Run: cluster volume heal data full
If it still doesn't heal (check in 5 min),go to /rhev/data-center/mnt/glusterSD/msk-gluster-facility.xxxx_data
And run 'find . -exec stat {}\;' without the quotes.
As I have understood you, ovirt Hosted Engine is running and can be started on all nodes except 1.
>>
>> 2. Go to the problematic host and check the mount point is there
>
>
>
> No mount point on problematic node /rhev/data-center/mnt/glusterSD/msk-gluster-facility.xxxx:_data
> If I create a mount point manually, it is deleted after the node is activated.
>
> Other nodes can mount this volume without problems.
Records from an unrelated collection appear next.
(* Assume no treatment anticipation, missingness as an absorbing state, random sampling, the selection model, and monotonicity. Assume also that $\mathbb{E}[S_{it}\mid G_i=g]>0$ for all $t,g$. If positive monotonicity holds ($S_{i2}(1)\ge S_{i2}(0)$ for all $i$), then $\pi_0=1$ and $$\pi_1=\frac{\mathbb{E}[S_{i2}(0)\mid G_i=1]}{\mathbb{E}[S_{i2}\mid G_i=1]}=\frac{\mathbb{E}[S_{i1}\mid G_i=1]}{\mathbb{E}[S_{i2}\mid G_i=1]}\cdot\frac{\mathbb{E}[S_{i2}\mid G_i=0]}{\mathbb{E}[S_{i1}\mid G_i=0]}\in[0,1].$$ If negative monotonicity holds ($S_{i2}(1)\le S_{i2}(0)$ for all $i$), then $\pi_1=1$ and $$\pi_0=\frac{\mathbb{E}[S_{i2}(1)\mid G_i=0]}{\mathbb{E}[S_{i2}\mid G_i=0]}=\frac{\mathbb{E}[S_{i1}\mid G_i=0]}{\mathbb{E}[S_{i2}\mid G_i=0]}\cdot\frac{\mathbb{E}[S_{i2}\mid G_i=1]}{\mathbb{E}[S_{i1}\mid G_i=1]}\in[0,1].$$
   Context: Units $i$ are observed in periods $t\in\{1,2\}$. $G_i\in\{0,1\}$ indicates that unit $i$ is treated in period 2; nobody is treated in period 1. Period-2 potential selection indicators are $S_{i2}(1),S_{i2}(0)\in\{0,1\}$, where 1 means the outcome is observed. The observed indicator is $S_{i2}=G_iS_{i2}(1)+(1-G_i)S_{i2}(0)$. No anticipation: $S_{i1}$ does not depend on the period-2 treatment, so $S_{i1}(1)=S_{i1}(0)=S_{i1}$. Missingness is absorbing: $S_{i1}=0\Rightarrow S_{i2}=0$. Random sampling: $\{S_{i1},S_{i2},G_i\}$ are i.i.d. across units. Definitions: - $\pi_1=\Pr(S_{i2}(0)=1\mid G_i=1,S_{i2}(1)=1)$. - $\pi_0=\Pr(S_{i2}(1)=1\mid G_i=0,S_{i2}(0)=1)$. Selection model: $S_{it}(0)=h^0(U_{it},t)$ and $S_{it}(1)=h^1(U_{it},t)$, where: - $U_{it}$ is an unobserved scalar; - $h^w(u,t)$ is non-decreasing in $u$ for all $t\in\{1,2\}$ and $w\in\{0,1\}$; - $U$ is continuously distributed, with the same compact support in both groups; - the distribution of $U_{i1}$ given $G_i$ equals that of $U_{i2}$ given $G_i$; - $U_{it}$ is independent of $G_i$ given $S_{it}$, for each $t$. Monotonicity means that either positive monotonicity ($S_{i2}(1)\ge S_{i2}(0)$ for all $i$) or negative monotonicity ($S_{i2}(1)\le S_{i2}(0)$ for all $i$) holds. *)

From mathcomp Require Import all_boot all_order all_algebra.
From mathcomp Require Import all_classical all_reals all_analysis.
Import Order.TTheory GRing.Theory Num.Theory.
Set Implicit Arguments. Unset Strict Implicit. Unset Printing Implicit Defensive.
Local Open Scope classical_set_scope.
Local Open Scope ring_scope.

Section Defs.
Context {d : measure_display} {T : measurableType d} {R : realType}.
Variable P : probability T R.

Definition prR (A : set T) : R := fine (P A).

Definition cprob (A B : set T) : R := prR (A `&` B) / prR B.

(* E[X | B] for a {0,1}-valued (indicator) random variable X *)
Definition cexp_ind (X : T -> bool) (B : set T) : R := cprob [set w | X w] B.

Definition grp (G : T -> bool) (g : bool) : set T := [set w | G w = g].

Definition cond_support (X : T -> R) (G : T -> bool) (g : bool) : set R :=
  [set u | forall e : R, 0 < e ->
     0 < prR ([set w | `|X w - u| < e] `&` grp G g)].

Definition cond_indep (X : T -> R) (G S : T -> bool) : Prop :=
  forall (B : set R) (g s : bool), measurable B ->
    prR (X @^-1` B `&` grp G g `&` [set w | S w = s]) * prR [set w | S w = s]
    = prR (X @^-1` B `&` [set w | S w = s]) *
      prR (grp G g `&` [set w | S w = s]).
End Defs.

(* period-1 selection S_i1 = h^0(U_i1, 1) (= h^1(U_i1,1) by no anticipation) *)
Definition S1 {T R} (h0 : R -> nat -> bool) (U1 : T -> R) (w : T) : bool :=
  h0 (U1 w) 1%N.
Definition S2pot {T R} (h : R -> nat -> bool) (U2 : T -> R) (w : T) : bool :=
  h (U2 w) 2%N.
Definition S2obs {T R} (G : T -> bool) (h0 h1 : R -> nat -> bool)
  (U2 : T -> R) (w : T) : bool :=
  if G w then S2pot h1 U2 w else S2pot h0 U2 w.

From mathcomp Require Import all_boot all_order all_algebra.
From mathcomp Require Import all_classical all_reals all_analysis.
From mathcomp Require Import measurable_realfun.
Import Order.TTheory GRing.Theory Num.Theory.
Import numFieldNormedType.Exports.
Local Open Scope classical_set_scope.
Local Open Scope ring_scope.

(* Selection is an upper set of values of U in each period, so the period-1
   rule a and a period-2 potential rule b lying below the observed S_2 are
   nested.  If b <= a, U_1 is independent of G given S_1 = 1 and
   U_2 | G ~ U_1 | G, so the share Pr(b(U_2) | G = g) / Pr(a(U_1) | G = g) is
   the same in both groups.  If a <= b, absorbing missingness squeezes
   {b(U_2)} between {a(U_1)} and {b(U_1)}, which are equally likely within
   each group, and the share is 1.  Taking for b the counterfactual rule that
   lies below the factual one gives the ratio formula for that group's pi,
   while the other group's pi conditions on a subevent of its own event. *)

Definition upward_closed {disp : Order.disp_t} {X : porderType disp}
    (a : X -> bool) :=
  forall u v, (u <= v)%O -> a u -> a v.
Only this node have connection problems after update.
>
> Here is a part of the log at the time of activation of the node:
>
> vdsm log
>
> 2019-03-18 16:46:00,548+0300 INFO (jsonrpc/5) [vds] Setting Hosted Engine HA local maintenance to False (API:1630)
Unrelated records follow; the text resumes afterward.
(* From the first-order equation, n = exp(f) sqrt(2X) L_X solves the
   isentropy equations: rho_X = (rho + p) n_X / n because
   n_X / n = 1/(2X) + L_XX / L_X, and rho_phi = (rho + p) n_phi / n because
   n_phi / n = f' + L_Xphi / L_X and -L_phi = 2 X L_X f'. *)
Lemma isentropic_of_pde f : smooth1 I f -> lagrangian_pde I L f ->
  exists n, isentropic_n I L n.
Proof.
  intros Hf Hpde.
  assert (HA : smooth1 I (fun y => exp (f y)))
    by (apply (smooth1_comp I (fun _ => True)); auto; apply smooth1_exp).
  assert (HB : smooth1 pos (fun x => sqrt (2 * x))).
  { apply (smooth1_comp pos pos); [apply smooth1_sqrt | |].
    - apply smooth1_mul; [apply smooth1_const | apply smooth1_id].
    - intros x Hx. unfold pos in *. lra. }
  destruct HA as [A [HA0 HA]], HB as [B [HB0 HB]].
  set (e := ex_mul (ex_mul (ex_phi A 0) (ex_X B 0)) (ex_fam FL 1 0)).
  assert (Hok : admissible I e) by (simpl; auto).
  assert (Hev : forall X y, eval2 e X y = exp (f y) * sqrt (2 * X) * FL 1%nat 0%nat X y)
    by (intros; simpl; rewrite HA0, HB0; reflexivity).
  exists (eval2 e). split; [apply smooth2_eval2; auto | split].
  - intros X y Hd. rewrite Hev. pose proof (FL10_neq0 X y Hd). destruct Hd as [HX _].
    assert (0 < sqrt (2 * X)) by (apply sqrt_lt_R0; lra). pose proof (exp_pos (f y)).
    apply Rmult_integral_contrapositive; split; [apply Rmult_integral_contrapositive; split |]; lra.
  - intros X y Hd.
    assert (HX : 0 < X) by apply Hd. assert (Hy : I y) by apply Hd.
    assert (Hs : 0 < sqrt (2 * X)) by (apply sqrt_lt_R0; lra).
    assert (Hss : sqrt (2 * X) * sqrt (2 * X) = 2 * X) by (apply sqrt_sqrt; lra).
    pose proof (exp_pos (f y)). pose proof (FL10_neq0 X y Hd).
    assert (HB1 : B 1%nat X = / sqrt (2 * X)).
    { apply (uniqueness_limite (B 0%nat) X); [apply HB; auto |].
      rewrite HB0. apply sqrt_double_derivative, HX. }
    assert (HA1 : A 1%nat y = exp (f y) * deriv1 f y).
    { apply (uniqueness_limite (A 0%nat) y); [apply HA; auto |]. rewrite HA0.
      apply (derivable_pt_lim_comp f exp); [apply (smooth1_derivable I); auto | apply derivable_pt_lim_exp]. }
    pose proof (Hpde X y Hd) as Hp. rewrite dphi_L, dX_L in Hp by auto.
    rewrite rho_dX, rho_dphi, rho_plus_pres, Hev by auto.
    rewrite (dX_of_lim _ _ _ _ (eval2_diffX I e Hok X y Hd)),
      (dphi_of_lim _ _ _ _ (eval2_diffphi I e Hok X y Hd)).
    simpl. rewrite HA0, HB0, HB1, HA1. split.
    + set (s := sqrt (2 * X)) in *. rewrite <- Hss. field. repeat split; lra.
    + replace (FL 0%nat 1%nat X y) with (- (2 * X * FL 1%nat 0%nat X y * deriv1 f y)) by lra.
      field. repeat split; lra.
Qed.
> 2019-03-18 16:46:00,549+0300 INFO (jsonrpc/5) [jsonrpc.JsonRpcServer] RPC call Host.setHaMaintenanceMode succeeded in 0.00 seconds (__init__:573)
> 2019-03-18 16:46:00,581+0300 INFO (jsonrpc/7) [vdsm.api] START connectStorageServer(domType=7, spUUID=u'5a5cca91-01f8-01af-0297-00000000025f', conList=[{u'id': u'5799806e-7969-45da-b17d-b47a63e6a8e4', u'connection': u'msk-gluster-facility.xxxx:/data', u'iqn': u'', u'user': u'', u'tpgt': u'1', u'vfs_type': u'glusterfs', u'password': '********', u'port': u''}], options=None) from=::ffff:10.77.253.210,56630, flow_id=81524ed, task_id=5f353993-95de-480d-afea-d32dc94fd146 (api:46)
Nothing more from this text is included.